→ **DIRECTIONS**
Look through the data below for the line with "S (a + b + c) -> S", and transcribe it exactly together with each line after it up to and including the line with "Proof. by rewrite -!scalerAl". Give nothing else.

Source records
Lemma cube_root_components a b c :
  S (a + b + c) -> S (a + w *: b + w ^+ 2 *: c) -> S (a + w ^+ 2 *: b + w *: c) ->
  [/\ S a, S b & S c].
Proof.
move=> Sg Sf1 Sf2.
have SB u v : S u -> S v -> S (u - v) by move=> Su Sv; rewrite -scaleN1r; apply/SD/SZ.
have lcD (x y z x' y' z' : K) : (x *: a + y *: b + z *: c) + (x' *: a + y' *: b + z' *: c)
    = (x + x') *: a + (y + y') *: b + (z + z') *: c.
  by rewrite !scalerDl addrACA (addrACA (x *: a)).
have Sa : S a.
  have -> : a = 3%:R^-1 *: ((a + b + c) + (a + w *: b + w ^+ 2 *: c) + (a + w ^+ 2 *: b + w *: c)).
    have -> : a + b + c = 1 *: a + 1 *: b + 1 *: c by rewrite !scale1r.
    rewrite -[a in a + w *: b](scale1r a) -[a in a + w ^+ 2 *: b](scale1r a) !lcD.
    rewrite prim3_root_sum (addrAC 1 (w ^+ 2)) prim3_root_sum !scale0r !addr0 scalerA.
    by rewrite (_ : 1 + 1 + 1 = 3%:R) ?mulVf ?scale1r ?(prim_root_natf_neq0 w_prim) //; ring.
  by apply: SZ; apply: SD; first apply: SD.
have Sbc : S (b + c) by have := SB _ _ Sg Sa; rewrite addrAC (addrAC a) subrr add0r.
have Sbc' : S (w *: b + w ^+ 2 *: c).
  by have := SB _ _ Sf1 Sa; rewrite addrAC (addrAC a) subrr add0r.
have w_w2 : w - w ^+ 2 != 0.
  rewrite expr2 -{1}[w]mulr1 -mulrBr mulf_neq0 ?(prim_root_eq0 w_prim) //.
  by rewrite subr_eq0 eq_sym prim3_root_neq1.
have Sc : S c.
  have -> : c = (w - w ^+ 2)^-1 *: (w *: (b + c) - (w *: b + w ^+ 2 *: c)).
    by rewrite [w *: (b + c)]scalerDr opprD addrACA subrr add0r -scalerBl scalerA mulVf ?scale1r.
  by apply/SZ/SB => //; apply: SZ.
by split=> //; have := SB _ _ Sbc Sc; rewrite addrK.
Qed.
End CubeRoots.

Lemma scale_interchange (K : comNzRingType) (V : lmodType K) (x y t : K) (a b c a' b' c' : V) :
  (a + x *: b + y *: c) + t *: (a' + x *: b' + y *: c') =
  (a + t *: a') + x *: (b + t *: b') + y *: (c + t *: c').
Proof. by rewrite !scalerDr !scalerA (mulrC t x) (mulrC t y) addrACA (addrACA a). Qed.

Lemma rel_f_shape (K : comNzRingType) (V : lalgType K) (x y z : V) (a b t : K) :
  (z * x * y + (a *: 1) * (x * y * z) + (b *: 1) * (y * z * x))
    + (t *: 1) * (y * x * z + (a *: 1) * (z * y * x) + (b *: 1) * (x * z * y)) =
  (z * x * y + t *: (y * x * z)) + a *: (x * y * z + t *: (z * y * x))
    + b *: (y * z * x + t *: (x * z * y)).
Proof. by rewrite -!scalerAl !mul1r scale_interchange. Qed.

Lemma rel_g_shape (K : comNzRingType) (V : lalgType K) (x y z : V) (t : K) :
  (z * x * y + x * y * z + y * z * x) + (t *: 1) * (y * x * z + z * y * x + x * z * y) =
  (z * x * y + t *: (y * x * z)) + (x * y * z + t *: (z * y * x))
    + (y * z * x + t *: (x * z * y)).
Proof. by rewrite -scalerAl mul1r !scalerDr addrACA (addrACA (z * x * y)). Qed.

Lemma ord3_cases (i : 'I_3) : i = 0 \/ i = 1 \/ i = 2.
Proof. by case: i => [[|[|[|//]]] lt_i]; [left | right; left | right; right]; apply: val_inj. Qed.

Section Mt.
Variables (R : realType) (w t : complex R) (n : nat).
Hypotheses (w_prim : 3.-primitive_root w) (t_neq0 : t != 0) (nt_prim : n.-primitive_root (- t)).
Local Notation G := (M_rels w t).
Local Notation word := (@word R).
Local Notation "a ≡ b" := (eqmod G a b) (at level 70, no associativity).

Lemma M_rels_square i : in_ideal G (gen R i * gen R i).
Proof.
apply: ideal_gen; rewrite /M_rels /vx /vy /vz.
by case: (ord3_cases i) => [|[|]] ->; [left | right; left | right; right; left].
Qed.

(* [twisted 2 0 1], [twisted 0 1 2], [twisted 1 2 0] are zxy + t yxz, xyz + t zyx, yzx + t xzy;
   g_t and the two relators of T_t are their discrete Fourier transforms in w. *)
Let twisted i j k := word [:: i; j; k] + t *: word [:: k; j; i].
(* Let $\ell\ge2$ and let $(\chi_1,\chi_2)$, $(\chi_3,\chi_4)$ be $\mathbf{ss}$-pairs. For $i\in[1,\ell-1]$ let $g_i=\begin{pmatrix}1&0\\ \epsilon\pi^i&1\end{pmatrix}$, $\mathrm B^i=\mathrm B(\mathfrak o_\ell)\cap g_i\mathrm B(\mathfrak o_\ell)g_i^{-1}$, and $(\chi_3,\chi_4)^{g_i}$ the character $x\mapsto(\chi_3,\chi_4)(g_i^{-1}xg_i)$ of $g_i\mathrm B(\mathfrak o_\ell)g_i^{-1}$. Then $\delta_i=\mathrm{Ind}_{\mathrm B^i}^{\mathrm B(\mathfrak o_\ell)}\big((\chi_1,\chi_2)\otimes(\chi_3,\chi_4)^{g_i}\big)$ is irreducible for every $i\in[1,\ell-1]$.
   Context: Let $\mathcal O$ be a complete discrete valuation ring with maximal ideal $\mathfrak p=\pi\mathcal O$ and finite residue field of odd characteristic. Let $\mathfrak O=\mathcal O[\vartheta]$ be the unramified quadratic extension, with $\vartheta^2\in\mathcal O^\times$ a non-square, and Galois involution $x\mapsto x^\circ$, $\vartheta^\circ=-\vartheta$. Let $\mathfrak o_\ell=\mathcal O/\mathfrak p^\ell$, $\mathfrak O_\ell=\mathfrak O/\pi^\ell\mathfrak O$. $\mathrm G$ is $\mathrm{GL}_2$ (with $R_\ell=\mathfrak o_\ell$, $\epsilon=1$) or $\mathrm{GU}_2$ (with $\mathrm{GU}_2(\mathfrak o_\ell)=\{A\in\mathrm{GL}_2(\mathfrak O_\ell):A^\star A=I\}$, $(a_{ij})^\star=W(a_{ji}^\circ)W^{-1}$, $W=\begin{pmatrix}0&1\\1&0\end{pmatrix}$, $R_\ell=\mathfrak O_\ell$, $\epsilon=\vartheta$). $\mathrm B(\mathfrak o_\ell)$ is the group of upper triangular matrices in $\mathrm G(\mathfrak o_\ell)$. For characters $\chi,\chi'$ of $R_\ell^\times$, $(\chi,\chi')$ is the character $\begin{pmatrix}a&b\\0&c\end{pmatrix}\mapsto\chi(a)\chi'(c)$ of $\mathrm B(\mathfrak o_\ell)$; it is an $\mathbf{ss}$-pair if $\chi\chi'^{-1}$ is nontrivial on $1+\pi^{\ell-1}\mathfrak o_\ell$. *)

From HB Require Import structures.
From mathcomp Require Import all_boot all_order all_algebra all_fingroup all_field all_character.
Set Implicit Arguments. Unset Strict Implicit. Unset Printing Implicit Defensive.
Import GRing.Theory Num.Theory.
Local Open Scope ring_scope.
(* Let $k\ge 1$ and let $T$ be an array whose positions $0,\dots,2k-1$ hold $n=2k$ elements, the first $k$ forming one list and the last $k$ another. Run $\textsc{Merge}(T,0,k,k)$ (defined in the context). Then the expected number of random bits it consumes to produce the merged array of size $n$ is $n+\Theta(\sqrt{n}\log n)$ as $n\to\infty$.
   Context: The procedure $\textsc{Merge}(T,s,n_1,n_2)$: set $i\gets s$, $j\gets s+n_1$, $n\gets s+n_1+n_2$. Repeat: draw an independent fair random bit; if it is $0$, then break out of the loop if $i=j$; if it is $1$, then break out of the loop if $j=n$, and otherwise swap $T[i]$ and $T[j]$ and set $j\gets j+1$; in either non-breaking case set $i\gets i+1$. After the loop, while $i<n$: draw an integer $m$ uniformly at random from $\{s,\dots,i\}$ (independently of everything else), swap $T[i]$ and $T[m]$, and set $i\gets i+1$. Cost model: each fair bit drawn in the first loop costs one random bit, and drawing a uniform integer from a set of $K$ elements costs $\lceil \log_2 K\rceil$ random bits. *)

From Stdlib Require Import Reals Arith Lra.
Open Scope R_scope.

(* Cost in random bits of drawing a uniform integer from a set of K elements:
   ceil(log2 K) (Nat.log2_up K; equals 0 for K = 1). *)
Definition unif_cost (K : nat) : nat := Nat.log2_up K.

(* Cost (deterministic) of the second loop of Merge(T,s,n1,n2) started at
   index i with end index n: for each i' = i, ..., n-1 one draws m uniformly
   from {s,...,i'}, a set of i' - s + 1 elements. *)
Fixpoint tail_cost_aux (s i len : nat) : nat :=
  match len with
  | O => O
  | S l => (unif_cost (i - s + 1) + tail_cost_aux s (S i) l)%nat
  end.

Definition tail_cost (s n i : nat) : nat := tail_cost_aux s i (n - i).

(* Expected number of random bits consumed by Merge from the state (i, j)
   at the top of the first loop (with end index n), following the procedure:
   draw a fair bit (cost 1);
   - bit 0: break if i = j, otherwise i <- i+1;
   - bit 1: break if j = n, otherwise (swap) j <- j+1, i <- i+1;
   after a break, the second loop costs tail_cost s n i.
   The bit counts and loop costs do not depend on the array contents.
   [fuel] bounds the number of first-loop iterations; fuel n - i + 1 always
   suffices (i increases at each non-breaking iteration and i <= j <= n). *)
Fixpoint merge_ecost (fuel : nat) (s n i j : nat) : R :=
  match fuel with
  | O => 0
  | S f =>
      1 + / 2 * (if Nat.eqb i j then INR (tail_cost s n i)
                 else merge_ecost f s n (S i) j)
        + / 2 * (if Nat.eqb j n then INR (tail_cost s n i)
                 else merge_ecost f s n (S i) (S j))
  end.

Definition merge_expected_bits (s n1 n2 : nat) : R :=
  merge_ecost (n1 + n2 + 1) s (s + n1 + n2) s (s + n1).

(* The first loop of Merge is a symmetric random walk on the numbers (x, y) of
   elements still waiting in the two lists: every fair bit removes one element,
   until a bit asks for an exhausted list.  If D elements are then left, the
   first loop has drawn n + 1 - D bits and the second loop draws D uniform
   integers from sets of size about n, i.e. about D log2 n bits, so the excess
   over n is E[D] (log2 n - 1) + O(1) up to the rounding of the logarithms.
   Optional stopping for the harmonic polynomials (x - y)^2 + x + y and a
   quartic companion gives E[D^2 + 3 D] = 2k and E[D^4] <= 12 k^2, which pin
   E[D] between constant multiples of sqrt k. *)

From Stdlib Require Import Reals Arith Lra Lia.
Open Scope R_scope.

(* For Merge, x = j - i and y = n - j count the elements still
   waiting in the two lists. *)
Fixpoint walk_value (h : nat -> R) (c : R) (fuel x y : nat) : R :=
  match fuel with
  | O => 0
  | S f =>
      c + / 2 * (match x with O => h y | S x' => walk_value h c f x' y end)
        + / 2 * (match y with O => h x | S y' => walk_value h c f x y' end)
  end.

→ **RESPONSE AREA**
  S (a + b + c) -> S (a + w *: b + w ^+ 2 *: c) -> S (a + w ^+ 2 *: b + w *: c) ->
  [/\ S a, S b & S c].
Proof.
move=> Sg Sf1 Sf2.
have SB u v : S u -> S v -> S (u - v) by move=> Su Sv; rewrite -scaleN1r; apply/SD/SZ.
have lcD (x y z x' y' z' : K) : (x *: a + y *: b + z *: c) + (x' *: a + y' *: b + z' *: c)
    = (x + x') *: a + (y + y') *: b + (z + z') *: c.
  by rewrite !scalerDl addrACA (addrACA (x *: a)).
have Sa : S a.
  have -> : a = 3%:R^-1 *: ((a + b + c) + (a + w *: b + w ^+ 2 *: c) + (a + w ^+ 2 *: b + w *: c)).
    have -> : a + b + c = 1 *: a + 1 *: b + 1 *: c by rewrite !scale1r.
    rewrite -[a in a + w *: b](scale1r a) -[a in a + w ^+ 2 *: b](scale1r a) !lcD.
    rewrite prim3_root_sum (addrAC 1 (w ^+ 2)) prim3_root_sum !scale0r !addr0 scalerA.
    by rewrite (_ : 1 + 1 + 1 = 3%:R) ?mulVf ?scale1r ?(prim_root_natf_neq0 w_prim) //; ring.
  by apply: SZ; apply: SD; first apply: SD.
have Sbc : S (b + c) by have := SB _ _ Sg Sa; rewrite addrAC (addrAC a) subrr add0r.
have Sbc' : S (w *: b + w ^+ 2 *: c).
  by have := SB _ _ Sf1 Sa; rewrite addrAC (addrAC a) subrr add0r.
have w_w2 : w - w ^+ 2 != 0.
  rewrite expr2 -{1}[w]mulr1 -mulrBr mulf_neq0 ?(prim_root_eq0 w_prim) //.
  by rewrite subr_eq0 eq_sym prim3_root_neq1.
have Sc : S c.
  have -> : c = (w - w ^+ 2)^-1 *: (w *: (b + c) - (w *: b + w ^+ 2 *: c)).
    by rewrite [w *: (b + c)]scalerDr opprD addrACA subrr add0r -scalerBl scalerA mulVf ?scale1r.
  by apply/SZ/SB => //; apply: SZ.
by split=> //; have := SB _ _ Sbc Sc; rewrite addrK.
Qed.
End CubeRoots.

Lemma scale_interchange (K : comNzRingType) (V : lmodType K) (x y t : K) (a b c a' b' c' : V) :
  (a + x *: b + y *: c) + t *: (a' + x *: b' + y *: c') =
  (a + t *: a') + x *: (b + t *: b') + y *: (c + t *: c').
Proof. by rewrite !scalerDr !scalerA (mulrC t x) (mulrC t y) addrACA (addrACA a). Qed.

Lemma rel_f_shape (K : comNzRingType) (V : lalgType K) (x y z : V) (a b t : K) :
  (z * x * y + (a *: 1) * (x * y * z) + (b *: 1) * (y * z * x))
    + (t *: 1) * (y * x * z + (a *: 1) * (z * y * x) + (b *: 1) * (x * z * y)) =
  (z * x * y + t *: (y * x * z)) + a *: (x * y * z + t *: (z * y * x))
    + b *: (y * z * x + t *: (x * z * y)).
Proof. by rewrite -!scalerAl !mul1r scale_interchange. Qed.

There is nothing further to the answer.